HSC on PBS NewsHour: School Food Under Fire

June 03, 2014

HSC featured on national television to debate school food standards

By Mark Bishop, Vice President of Policy

Last week I had the honor of joining Judy Woodruff on PBS NewsHour to discuss the current national debate about school food. This was my first experience in a live debate-style interview on national TV, where I went back and forth with Jon Dickl, director of school nutrition in Knox County School. Of course, since the moment my interview ended, I have been thinking about what “I could have said.”

First, a little bit of a civics lesson: Usually, Congress passes laws and directs a federal agency to develop regulations and oversee implementation. In 2010, Congress passed the Healthy and Hunger-Free Kids Act, which directed the USDA to establish science-based nutrition standards for school food. The USDA did just that, but not all requirements were to the liking of every food company. So, Congress to the rescue. As some may recall, in 2011, Congress intervened and successfully required the USDA to recognize tomato paste as a vegetable . Currently, some members of the U.S. House of Representatives are attempting to pass legislation allowing districts to opt out of the higher nutrition standards for school food that are required for participation in the national school meal program.

Now, my debate with Mr. Dickl centered around the seemingly esoteric issue of “flexibility” for schools when implementing the nutrition standards. The reality is that flexibility is important for any regulation — nothing ever goes exactly as planned — markets adapt in unexpected ways, and agencies need to adapt regulations to the realities on the ground. And as I pointed out, the USDA has been tremendously flexible with these rules, most recently allowing time to phase in the full whole grain rules.

However, what I wish I had stated is that in political debates, words like “flexibility” often are code words for something else. In this context “flexibility” is the code word for “rolling back” the nutrition standards. The reality is, this is simply not acceptable. As taxpayers, we’re spending $10 billion a year on school food. With one in three American children overweight or obese, we can not be spending our tax dollars on junk food for our kids.
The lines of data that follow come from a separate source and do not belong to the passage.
(* Let $\alpha\ge1$ and let $\beta$ be an odd positive integer, and let ${\cal C}\subseteq\mathbb{Z}_2^\alpha\times\mathbb{Z}_4^\beta$ be a separable $\mathbb{Z}_2\mathbb{Z}_4$-additive code. Then ${\cal C}$ is cyclic if and only if ${\cal C}_X$ is a binary cyclic code and ${\cal C}_Y$ is a cyclic code over $\mathbb{Z}_4$. Moreover, in this case, in polynomial representation ${\cal C}=\langle (b\mid 0),(0\mid fh+2f)\rangle$ for some $b\in\mathbb{Z}_2[x]$ dividing $x^\alpha-1$ and $f,h,g\in\mathbb{Z}_4[x]$ with $fhg=x^\beta-1$.
   Context: A $\mathbb{Z}_2\mathbb{Z}_4$-additive code is a subgroup ${\cal C}$ of $\mathbb{Z}_2^\alpha\times\mathbb{Z}_4^\beta$; vectors are written ${\bf u}=(u\mid u')$ with $u\in\mathbb{Z}_2^\alpha$, $u'\in\mathbb{Z}_4^\beta$. ${\cal C}_X$ (resp. ${\cal C}_Y$) is the projection of ${\cal C}$ onto the first $\alpha$ (resp. last $\beta$) coordinates. ${\cal C}$ is separable if ${\cal C}={\cal C}_X\times{\cal C}_Y$. ${\cal C}$ is cyclic if $\pi({\cal C})={\cal C}$, where $\pi(u_0,\dots,u_{\alpha-1}\mid u'_0,\dots,u'_{\beta-1})=(u_{\alpha-1},u_0,\dots,u_{\alpha-2}\mid u'_{\beta-1},u'_0,\dots,u'_{\beta-2})$. Vectors are identified with elements of $R_{\alpha,\beta}=\mathbb{Z}_2[x]/(x^\alpha-1)\times\mathbb{Z}_4[x]/(x^\beta-1)$ via $(u\mid u')\mapsto(\sum u_ix^i\mid\sum u'_ix^i)$; $R_{\alpha,\beta}$ is a $\mathbb{Z}_4[x]$-module via $p\star(b\mid a)=(\tilde pb\mid pa)$, $\tilde p$ the reduction of $p$ mod 2, and $\langle\cdot\rangle$ denotes the generated submodule. *)

From HB Require Import structures.
From mathcomp Require Import all_boot all_order all_algebra.
Set Implicit Arguments. Unset Strict Implicit. Unset Printing Implicit Defensive.
Import GRing.Theory.
Local Open Scope ring_scope.

Definition vec2 (a : nat) := {ffun 'I_a -> 'Z_2}.
Definition vec4 (b : nat) := {ffun 'I_b -> 'Z_4}.
Definition vec24 (a b : nat) := (vec2 a * vec4 b)%type.

(* a Z2Z4-additive code: a subgroup of Z_2^a x Z_4^b (finite, so closure
   under 0 and + suffices) *)
Definition additive24 a b (C : {set vec24 a b}) : Prop :=
  (0, 0) \in C /\
  forall u v, u \in C -> v \in C -> (u.1 + v.1, u.2 + v.2) \in C.

Definition projX a b (C : {set vec24 a b}) : {set vec2 a} := [set u.1 | u in C].
Definition projY a b (C : {set vec24 a b}) : {set vec4 b} := [set u.2 | u in C].

Definition separable24 a b (C : {set vec24 a b}) : Prop :=
  C = [set u | (u.1 \in projX C) && (u.2 \in projY C)].

Definition cshift (R : Type) n (u : {ffun 'I_n -> R}) : {ffun 'I_n -> R} :=
  [ffun i => u (ord_pred i)].

Definition pi24 a b (u : vec24 a b) : vec24 a b := (cshift u.1, cshift u.2).

Definition cyclic24 a b (C : {set vec24 a b}) : Prop :=
  [set pi24 u | u in C] = C.

Definition cyclic_code2 a (D : {set vec2 a}) : Prop :=
  (0 \in D /\ forall u v, u \in D -> v \in D -> u + v \in D)
  /\ [set cshift u | u in D] = D.
Definition cyclic_code4 b (D : {set vec4 b}) : Prop :=
  (0 \in D /\ forall u v, u \in D -> v \in D -> u + v \in D)
  /\ [set cshift u | u in D] = D.

Definition vpoly (R : nzRingType) n (u : {ffun 'I_n -> R}) : {poly R} :=
  \sum_(i < n) (u i)%:P * 'X^i.

Definition red2 (c : 'Z_4) : 'Z_2 := (nat_of_ord c)%:R.
Definition redp (p : {poly 'Z_4}) : {poly 'Z_2} := map_poly red2 p.

(* membership of u in the Z_4[x]-submodule <(b|0),(G)> of R_{a,b},
   i.e. u = p * (b|0) + q * (0|G) for some p, q in Z_4[x], where
   p * (b'|a') = (redp p * b' | p * a') computed in
   Z_2[x]/(x^a-1) x Z_4[x]/(x^b-1). *)
Definition in_span24 a b (bX : {poly 'Z_2}) (G : {poly 'Z_4}) (u : vec24 a b) : Prop :=
  exists (p q : {poly 'Z_4}) (r : {poly 'Z_2}) (s : {poly 'Z_4}),
    vpoly u.1 = redp p * bX + r * ('X^a - 1) /\
    vpoly u.2 = q * G + s * ('X^b - 1).

(* Since pi acts coordinatewise, a separable code is cyclic iff both of its
   projections are.  Under u |-> sum_i u_i x^i, a cyclic linear code of length n
   over Z_2 or Z_4 is an ideal of the polynomial ring containing x^n - 1.  Over
   the field Z_2 such an ideal is principal, generated by a divisor of
   x^alpha - 1.  Over Z_4, the residue ideal {b mod 2 | b in J} and the torsion
   ideal {b mod 2 | 2b in J} of the ideal J of C_Y are generated by divisors
   a and f' of x^beta - 1 with f' | a, whence x^beta - 1 = f' h' g' over Z_2.
   For odd beta the identity x (x^beta - 1)' - beta (x^beta - 1) = beta makes
   these factors pairwise coprime, so by Hensel's lemma they lift to
   x^beta - 1 = f h g over Z_4, and then J = <f h + 2 f, x^beta - 1>. *)

From HB Require Import structures.
From mathcomp Require Import all_boot all_order all_algebra ring zify.
From Stdlib Require Import Classical.
Set Implicit Arguments. Unset Strict Implicit. Unset Printing Implicit Defensive.
Import GRing.Theory.
Local Open Scope ring_scope.
Lemma bperm_funK pi u :
  cancel (bperm_fun pi u) (bperm_fun (pi^-1)%g (\row_j u ord0 ((pi^-1)%g j))).
Proof.
move=> t; rewrite /bperm_fun.
case: (tidxP t) => [i||i]; rewrite ?tcaseE //;
  by case: ifP => ui; rewrite ?tcaseE mxE permK ui.
Qed.

Definition bperm pi u : {perm 'I_N} := perm (can_inj (bperm_funK pi u)).

Section BpermEquations.
Variables (pi : {perm 'I_n}) (u : 'rV['F_2]_n).

Lemma bperm_left i :
  bperm pi u (tleft i) = if u ord0 i == 1 then tright (pi i) else tleft (pi i).
Proof. by rewrite permE /bperm_fun tcaseL. Qed.

Lemma bperm_mid : bperm pi u tmid = tmid.
Proof. by rewrite permE /bperm_fun tcaseM. Qed.

Lemma bperm_right i : bperm pi u (tright i) = tpartner (bperm pi u (tleft i)).
Proof.
by rewrite bperm_left permE /bperm_fun tcaseR /tpartner; case: ifP; rewrite ?tcaseE.
Qed.

Lemma permv_bperm a b c (d := map2_mx *%R u (a + c)) :
  permv (bperm pi u) (triple a b c) = triple (permv pi (a + d)) b (permv pi (c + d)).
Proof.
apply/rowP => t; rewrite -[t](permKV (bperm pi u)) permvE.
case: (tidxP ((bperm pi u)^-1%g t)) => [i||i];
  rewrite ?bperm_right ?bperm_left ?bperm_mid ?triple_mid //.
all: case: (F2_cases (u ord0 i)) => ui;
  rewrite ui ?eqxx ?(eq_sym 0) ?oner_eq0 /tpartner ?tcaseE.
all: rewrite ?triple_left ?triple_right permvE !mxE ui ?mul0r ?mul1r ?addr0 //.
  by rewrite addrCA addF2 addr0.
by rewrite addrA addF2 add0r.
Qed.

End BpermEquations.
End BlockPermutations.

Section TranslatedCode.
Variables (n : nat) (H : {set 'rV['F_2]_n}) (lam : 'rV['F_2]_n -> 'F_2).

Lemma mem_VH a b c :
  (triple a b c \in VH H lam) = (a + c \in H) && (b == wt2 c + lam (a + c)).
Proof.
apply/imset2P/andP => [[x y _ yH /triple_inj [-> -> ->]] | [acH /eqP ->]].
  by rewrite addrAC addvv add0r.
by exists c (a + c); rewrite ?inE // addrCA addvv addr0.
Qed.
(* Let $p\in\mathbb N$ and let $u_j(t)$, $j\in\mathbb Z$, be a solution (on an interval containing $t=0$) of the lattice $$u'_j=u_j(u_{j+p}+\cdots+u_{j+1}-u_{j-1}-\cdots-u_{j-p})$$ satisfying the boundary conditions $u_j=0$ for $j\le 0$ and such that $u_j\ne 0$ for $j>0$. Then it admits the representation $$u_1=f'_1/f_1,\qquad u_j=f'_j/f_j-f'_{j-1}/f_{j-1},\quad j>1,$$ where the functions $f_j$, $j\ge -p$, satisfy the bilinear lattice equation $$f_{j-1}f'_j-f'_{j-1}f_j=f_{j-p-1}f_{j+p},\qquad j=1,2,\dots,$$ with $f_{-p}=\dots=f_0=1$ and $f_1(0)=\dots=f_p(0)=1$.
   Context: $f'=df/dt$. *)

From Stdlib Require Export Reals ZArith.
From Coquelicot Require Export Coquelicot.
Open Scope R_scope.

(* Right-hand side of the lattice: sum_{k=1}^{p} (u_{j+k} - u_{j-k}) at time t
   (for p >= 1). *)
Definition lattice_sum (p : nat) (u : Z -> R -> R) (j : Z) (t : R) : R :=
  sum_f_R0 (fun k => u (j + Z.of_nat (S k))%Z t - u (j - Z.of_nat (S k))%Z t)
           (Nat.pred p).

From Stdlib Require Import Reals ZArith Lra Lia.
From Coquelicot Require Import Coquelicot.
Open Scope R_scope.

(* Put S_j = u_1 + ... + u_j, so that S_j = 0 for j <= 0 and u_j = S_j - S_{j-1},
   and E_j(t) = exp (int_0^t S_j).  For any constants C_j, f_j = C_j E_j has
   logarithmic derivative S_j, which gives the representation of the u_j.  The
   lattice telescopes to u_j' = u_j (S_{j+p} - S_j - S_{j-1} + S_{j-p-1}), so
   u_j E_{j-1} E_j and E_{j-p-1} E_{j+p} have the same logarithmic derivative and
   u_j E_{j-1} E_j = u_j(0) E_{j-p-1} E_{j+p}.  The bilinear equation thus reduces
   to C_{j-1} C_j u_j(0) = C_{j-p-1} C_{j+p}, which defines C_{j+p} recursively
   from C_{-p} = ... = C_p = 1; the C_j are nonzero because the u_j(0) are. *)

Section CourseOfValues.

Variables (A : Type) (F : (nat -> A) -> nat -> A) (x0 : A).

Hypothesis F_causal :
  forall g h n, (forall m, (m < n)%nat -> g m = h m) -> F g n = F h n.

(* Course-of-values recursion: the (n+1)-th iterate of a causal [F] is already
   correct at every index up to n, whatever the seed. *)
Definition cov_fix (n : nat) : A := Nat.iter (S n) F (fun _ => x0) n.

Lemma iter_causal_stable k n :
  (n < k)%nat -> Nat.iter k F (fun _ => x0) n = Nat.iter (S k) F (fun _ => x0) n.
Proof.
  revert n; induction k as [|k IH]; intros n Hn; [lia|].
  simpl. apply F_causal. intros m Hm. apply IH. lia.
Qed.

Lemma iter_causal_cov_fix k n : (n < k)%nat -> Nat.iter k F (fun _ => x0) n = cov_fix n.
Proof.
  intros Hn. replace k with (S n + (k - S n))%nat by lia.
  induction (k - S n)%nat as [|d IH]; [now rewrite Nat.add_0_r|].
  rewrite <- IH, Nat.add_succ_r. symmetry. apply iter_causal_stable. lia.
Qed.

Lemma cov_fix_eq n : cov_fix n = F cov_fix n.
Proof.
  unfold cov_fix at 1. simpl. apply F_causal. intros m Hm. now apply iter_causal_cov_fix.
Qed.

End CourseOfValues.

Section BilinearConstants.

Variables (p : nat) (w : Z -> R).
Hypothesis p_pos : (1 <= p)%nat.
Hypothesis w_neq0 : forall j, (1 <= j)%Z -> w j <> 0.

(* [c n] stands for [C (n - p)]: the shift makes the recursion start at index 0. *)
Definition bilinear_step (c : nat -> R) (n : nat) : R :=
  if (n <=? 2 * p)%nat then 1
  else c (n - p - 1)%nat * c (n - p)%nat * w (Z.of_nat (n - 2 * p)) / c (n - 2 * p - 1)%nat.

Definition bilinear_seq : nat -> R := cov_fix _ bilinear_step 1.

Lemma bilinear_seq_eq n : bilinear_seq n = bilinear_step bilinear_seq n.
Proof.
  apply cov_fix_eq. intros g h m Hgh. unfold bilinear_step.
  destruct (m <=? 2 * p)%nat eqn:E; [reflexivity|].
  apply Nat.leb_gt in E. rewrite !Hgh by lia. reflexivity.
Qed.

Lemma bilinear_seq_small n : (n <= 2 * p)%nat -> bilinear_seq n = 1.
Proof.
  intros Hn. rewrite bilinear_seq_eq. unfold bilinear_step.
  now rewrite (proj2 (Nat.leb_le _ _) Hn).
Qed.

Lemma bilinear_seq_neq0 n : bilinear_seq n <> 0.
Proof.
  induction n as [n IH] using (well_founded_induction lt_wf).
  rewrite bilinear_seq_eq. unfold bilinear_step.
  destruct (n <=? 2 * p)%nat eqn:E; [lra|].
  apply Nat.leb_gt in E.
  assert (w (Z.of_nat (n - 2 * p)) <> 0) by (apply w_neq0; lia).
  assert (bilinear_seq (n - 2 * p - 1) <> 0) by (apply IH; lia).
  apply Rmult_integral_contrapositive_currified; [|now apply Rinv_neq_0_compat].
  repeat apply Rmult_integral_contrapositive_currified; auto; apply IH; lia.
Qed.

Lemma bilinear_seq_rec n : (2 * p < n)%nat ->
  bilinear_seq (n - p - 1) * bilinear_seq (n - p) * w (Z.of_nat (n - 2 * p))
  = bilinear_seq (n - 2 * p - 1) * bilinear_seq n.
Proof.
  intros Hn. rewrite (bilinear_seq_eq n). unfold bilinear_step.
  rewrite (proj2 (Nat.leb_gt _ _) Hn). field. apply bilinear_seq_neq0.
Qed.

Lemma bilinear_constants_exist :
  exists C : Z -> R,
    (forall j, C j <> 0) /\
    (forall j, (- Z.of_nat p <= j <= Z.of_nat p)%Z -> C j = 1) /\
    (forall j, (1 <= j)%Z ->
       C (j - 1)%Z * C j * w j = C (j - Z.of_nat p - 1)%Z * C (j + Z.of_nat p)%Z).
Proof.
  exists (fun j => bilinear_seq (Z.to_nat (j + Z.of_nat p))).
  split; [|split].
  - intros j. apply bilinear_seq_neq0.
  - intros j Hj. apply bilinear_seq_small. lia.
  - intros j Hj. set (n := Z.to_nat (j + 2 * Z.of_nat p)).
    replace (Z.to_nat (j - 1 + Z.of_nat p)) with (n - p - 1)%nat by lia.
    replace (Z.to_nat (j + Z.of_nat p)) with (n - p)%nat by lia.
    replace (Z.to_nat (j - Z.of_nat p - 1 + Z.of_nat p)) with (n - 2 * p - 1)%nat by lia.
    replace (Z.to_nat (j + Z.of_nat p + Z.of_nat p)) with n by lia.
    pose proof (bilinear_seq_rec n ltac:(lia)) as Hrec.
    replace (Z.of_nat (n - 2 * p)) with j in Hrec by lia.
    exact Hrec.
Qed.

End BilinearConstants.

Fixpoint partial_sum (v : Z -> R) (n : nat) : R :=
  match n with
  | O => 0
  | S n => partial_sum v n + v (Z.of_nat (S n))
  end.

Definition partial_sumZ (v : Z -> R) (j : Z) : R := partial_sum v (Z.to_nat j).

Lemma partial_sumZ_nonpos v j : (j <= 0)%Z -> partial_sumZ v j = 0.
Proof. intros Hj. unfold partial_sumZ. now replace (Z.to_nat j) with O by lia. Qed.

Lemma partial_sumZ_diff v :
  (forall j, (j <= 0)%Z -> v j = 0) ->
  forall j, v j = partial_sumZ v j - partial_sumZ v (j - 1).
Proof.
  intros Hv j. destruct (Z_le_gt_dec j 0) as [Hj|Hj].
  - rewrite Hv, !partial_sumZ_nonpos by lia. lra.
  - unfold partial_sumZ. replace (Z.to_nat j) with (S (Z.to_nat (j - 1))) by lia.
    cbn [partial_sum]. replace (Z.of_nat (S (Z.to_nat (j - 1)))) with j by lia. lra.
Qed.

Lemma lattice_sum_telescope p u t :
  (1 <= p)%nat -> (forall j, (j <= 0)%Z -> u j t = 0) ->
  forall j,
    let P k := partial_sumZ (fun i => u i t) k in
    lattice_sum p u j t
    = P (j + Z.of_nat p)%Z - P j - P (j - 1)%Z + P (j - Z.of_nat p - 1)%Z.
Proof.
  intros Hp Hu j P. pose proof (partial_sumZ_diff (fun i => u i t) Hu) as Hdiff.
  destruct p as [|q]; [lia|]. unfold lattice_sum; simpl Nat.pred.
  induction q as [|q IH].
  - simpl sum_f_R0. rewrite (Hdiff (j + 1)%Z), (Hdiff (j - 1)%Z).
    replace (j + 1 - 1)%Z with j by lia.
    replace (j + Z.of_nat 1)%Z with (j + 1)%Z by lia.
    replace (j - Z.of_nat 1 - 1)%Z with (j - 1 - 1)%Z by lia. unfold P. lra.
  - rewrite tech5, IH by lia. cbv beta.
    rewrite (Hdiff (j + Z.of_nat (S (S q)))%Z), (Hdiff (j - Z.of_nat (S (S q)))%Z).
    replace (j + Z.of_nat (S (S q)) - 1)%Z with (j + Z.of_nat (S q))%Z by lia.
    replace (j - Z.of_nat (S q) - 1)%Z with (j - Z.of_nat (S (S q)))%Z by lia.
    unfold P. lra.
Qed.

Lemma continuous_partial_sum (u : Z -> R -> R) n t :
  (forall j, continuous (u j) t) -> continuous (fun s => partial_sum (fun i => u i s) n) t.
Proof.
  intros Hu. induction n as [|n IH]; simpl.
  - apply continuous_const.
  - exact (continuous_plus _ _ t IH (Hu _)).
Qed.

Lemma is_derive_exp_RInt (g : R -> R) (a b c t : R) :
  a < c < b -> a < t < b -> (forall s, a < s < b -> continuous g s) ->
  is_derive (fun s => exp (RInt g c s)) t (g t * exp (RInt g c t)).
Proof.
  intros Hc Ht Hg.
  apply (is_derive_comp exp (fun s => RInt g c s)); [apply is_derive_exp|].
  apply (is_derive_RInt g _ c); [|now apply Hg].
  apply (locally_interval _ t a b); simpl; try lra.
  intros s Has Hsb. apply (@RInt_correct R_CompleteNormedModule).
  apply (@ex_RInt_continuous R_CompleteNormedModule).
  intros x Hx. apply Hg. unfold Rmin, Rmax in Hx; destruct (Rle_dec c s); lra.
Qed.

Lemma same_growth_proportional (y z k : R -> R) (a b c t : R) :
  a < c < b -> a < t < b ->
  (forall s, a < s < b -> is_derive y s (k s * y s)) ->
  (forall s, a < s < b -> is_derive z s (k s * z s)) ->
  (forall s, a < s < b -> z s <> 0) ->
  y t * z c = y c * z t.
Proof.
  intros Hc Ht Dy Dz Hz.
  assert (Dq : forall s, a < s < b -> is_derive (fun s => y s / z s) s 0).
  { intros s Hs. pose proof (is_derive_div _ _ _ _ _ (Dy s Hs) (Dz s Hs) (Hz s Hs)) as D.
    replace 0 with ((k s * y s * z s - y s * (k s * z s)) / z s ^ 2) by (field; auto).
    exact D. }
  destruct (MVT_gen (fun s => y s / z s) c t (fun _ => 0)) as [d [_ Hd]].
  - intros s Hs. apply Dq. unfold Rmin, Rmax in Hs; destruct (Rle_dec c t); lra.
  - intros s Hs. apply continuity_pt_filterlim.
    apply (@ex_derive_continuous R_AbsRing R_NormedModule (fun s => y s / z s)).
    exists 0. apply Dq. unfold Rmin, Rmax in Hs; destruct (Rle_dec c t); lra.
  - assert (z t <> 0) by (apply Hz; lra). assert (z c <> 0) by (apply Hz; lra).
    apply (Rmult_eq_reg_r (/ (z t * z c)));
      [|now apply Rinv_neq_0_compat, Rmult_integral_contrapositive_currified].
    field_simplify; auto. lra.
Qed.

Definition potential (u : Z -> R -> R) (j : Z) (t : R) : R :=
  exp (RInt (fun s => partial_sumZ (fun i => u i s) j) 0 t).

Lemma potential_at_0 u j : potential u j 0 = 1.
Proof. unfold potential. rewrite RInt_point. apply exp_0. Qed.

Lemma potential_neq0 u j t : potential u j t <> 0.
Proof. apply Rgt_not_eq, exp_pos. Qed.

Lemma potential_nonpos u j t : (j <= 0)%Z -> potential u j t = 1.
Proof.
  intros Hj. unfold potential.
  rewrite (RInt_ext _ (fun _ => 0)) by (intros; now apply partial_sumZ_nonpos).
  rewrite RInt_const. unfold scal; simpl; unfold mult; simpl.
  rewrite Rmult_0_r. apply exp_0.
Qed.

Lemma is_derive_potential (u : Z -> R -> R) (a b : R) :
  a < 0 < b -> (forall j t, a < t < b -> ex_derive (u j) t) ->
  forall j t, a < t < b ->
  is_derive (potential u j) t (partial_sumZ (fun i => u i t) j * potential u j t).
Proof.
  intros Hab Hu j t Ht.
  apply (is_derive_exp_RInt (fun s => partial_sumZ (fun i => u i s) j) a b); auto.
  intros s Hs. apply continuous_partial_sum. intros i.
  apply (@ex_derive_continuous R_AbsRing R_NormedModule (u i)). now apply Hu.
Qed.

Lemma Derive_scal_potential (u : Z -> R -> R) (a b : R) :
  a < 0 < b -> (forall j t, a < t < b -> ex_derive (u j) t) ->
  forall c j t, a < t < b ->
  Derive (fun s => c * potential u j s) t
  = partial_sumZ (fun i => u i t) j * (c * potential u j t).
Proof.
  intros Hab Hu c j t Ht. apply is_derive_unique.
  replace (partial_sumZ (fun i => u i t) j * (c * potential u j t))
    with (c * (partial_sumZ (fun i => u i t) j * potential u j t)) by ring.
  now apply is_derive_scal, (is_derive_potential u a b).
Qed.

Lemma lattice_first_integral (p : nat) (a b : R) (u : Z -> R -> R) :
  (1 <= p)%nat -> a < 0 < b ->
  (forall j t, a < t < b -> ex_derive (u j) t) ->
  (forall j t, a < t < b -> Derive (u j) t = u j t * lattice_sum p u j t) ->
  (forall j t, (j <= 0)%Z -> a < t < b -> u j t = 0) ->
  forall j t, a < t < b ->
  u j t * potential u (j - 1) t * potential u j t
  = u j 0 * (potential u (j - Z.of_nat p - 1) t * potential u (j + Z.of_nat p) t).
Proof.
  intros Hp Hab Hdiff Hode Hbd j t Ht.
  pose proof (is_derive_potential u a b Hab Hdiff) as DE.
  assert (Derive_potential : forall k s, a < s < b ->
    Derive (fun x => potential u k x) s = partial_sumZ (fun i => u i s) k * potential u k s).
  { intros k s Hs. now apply is_derive_unique, DE. }
  pose proof (same_growth_proportional
    (fun s => u j s * potential u (j - 1) s * potential u j s)
    (fun s => potential u (j - Z.of_nat p - 1) s * potential u (j + Z.of_nat p) s)
    (fun s => partial_sumZ (fun i => u i s) (j + Z.of_nat p)
              + partial_sumZ (fun i => u i s) (j - Z.of_nat p - 1))
    a b 0 t ltac:(lra) Ht) as H.
  cbv beta in H. rewrite !potential_at_0, !Rmult_1_r in H.
  apply H; clear H.
  - intros s Hs. auto_derive.
    + repeat split; auto; eexists; apply DE; auto.
    + rewrite Hode, !Derive_potential by auto.
      rewrite (lattice_sum_telescope p u s Hp) by (intros; now apply Hbd). ring.
  - intros s Hs. auto_derive.
    + repeat split; eexists; apply DE; auto.
    + rewrite !Derive_potential by auto. ring.
  - intros s _. apply Rmult_integral_contrapositive_currified; apply potential_neq0.
Qed.

Theorem proposition2 (p : nat) (a b : R) (u : Z -> R -> R)
  (Hp : (1 <= p)%nat)
  (Hab : a < 0 < b)
  (Hdiff : forall (j : Z) (t : R), a < t < b -> ex_derive (u j) t)
  (Hode : forall (j : Z) (t : R), a < t < b ->
     Derive (u j) t = u j t * lattice_sum p u j t)
  (Hbd : forall (j : Z) (t : R), (j <= 0)%Z -> a < t < b -> u j t = 0)
  (Hnz : forall (j : Z) (t : R), (0 < j)%Z -> a < t < b -> u j t <> 0) :
  exists f : Z -> R -> R,
    (forall (j : Z) (t : R), (- Z.of_nat p <= j)%Z -> a < t < b ->
        ex_derive (f j) t /\ f j t <> 0) /\
    (forall t : R, a < t < b -> u 1%Z t = Derive (f 1%Z) t / f 1%Z t) /\
    (forall (j : Z) (t : R), (1 < j)%Z -> a < t < b ->
        u j t = Derive (f j) t / f j t - Derive (f (j - 1)%Z) t / f (j - 1)%Z t) /\
    (forall (j : Z) (t : R), (1 <= j)%Z -> a < t < b ->
        f (j - 1)%Z t * Derive (f j) t - Derive (f (j - 1)%Z) t * f j t
        = f (j - Z.of_nat p - 1)%Z t * f (j + Z.of_nat p)%Z t) /\
    (forall (j : Z) (t : R), (- Z.of_nat p <= j <= 0)%Z -> a < t < b -> f j t = 1) /\
    (forall j : Z, (1 <= j <= Z.of_nat p)%Z -> f j 0 = 1).
Proof.
  destruct (bilinear_constants_exist p (fun j => u j 0) Hp)
    as (C & C_neq0 & C_one & C_rec).
  { intros j Hj. apply Hnz; lia || lra. }
  set (S j t := partial_sumZ (fun i => u i t) j).
  set (f j t := C j * potential u j t).
  assert (f_neq0 : forall j t, f j t <> 0).
  { intros j t. apply Rmult_integral_contrapositive_currified; auto using potential_neq0. }
  assert (Df : forall j t, a < t < b -> Derive (f j) t = S j t * f j t).
  { intros j t Ht. now apply (Derive_scal_potential u a b). }
  assert (log_derivative : forall j t, a < t < b -> Derive (f j) t / f j t = S j t).
  { intros j t Ht. rewrite Df by auto. field. apply f_neq0. }
  assert (u_S : forall j t, a < t < b -> u j t = S j t - S (j - 1)%Z t).
  { intros j t Ht. apply (partial_sumZ_diff (fun i => u i t)). intros; now apply Hbd. }
  exists f; split; [|split; [|split; [|split; [|split]]]].
  - intros j t _ Ht. split; [|apply f_neq0].
    apply ex_derive_scal, (ex_intro _ _ (is_derive_potential u a b Hab Hdiff j t Ht)).
  - intros t Ht. rewrite log_derivative, u_S by auto.
    unfold S. rewrite (partial_sumZ_nonpos _ (1 - 1)) by lia. lra.
  - intros j t _ Ht. rewrite !log_derivative; auto.
  - intros j t Hj Ht. rewrite !Df by auto. unfold f.
    transitivity (C (j - 1)%Z * C j * (u j t * potential u (j - 1) t * potential u j t)).
    + rewrite (u_S j t Ht). ring.
    + rewrite (lattice_first_integral p a b u Hp Hab Hdiff Hode Hbd j t Ht).
      transitivity (C (j - 1)%Z * C j * u j 0
        * (potential u (j - Z.of_nat p - 1) t * potential u (j + Z.of_nat p) t)); [ring|].
      rewrite C_rec by lia. ring.
  - intros j t Hj _. unfold f. rewrite C_one, potential_nonpos by lia. ring.
  - intros j Hj. unfold f. rewrite C_one, potential_at_0 by lia. ring.
Qed.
Those who are trying to rollback nutrition standards argue that the healthier school food is not acceptable to students. Ms. Woodruff asked me to respond to Mr. Dickl’s concerns about the impact of lower sodium on taste. I argued that schools were getting creative, bringing in farm to school programs, working with spices and fresh ingredients. However, what I could have added is that right in front of me (in fact, next week!) is Cooking up Change, where high school culinary students are creating healthy lunches that their peers enjoy that comply with USDA nutrition standards. The results are delicious! But even more importantly, it is simply irresponsible to eliminate science-backed nutrition standards just because 10 percent of schools are telling the School Nutrition Association that kids don’t want to eat their vegetables. If students said they hated math, we wouldn’t eliminate the subject, we’d find creative ways to challenge students to do better. That’s how we need to treat school food.

No one said serving healthier school food would be easy, but the stakes are too high for us to fail.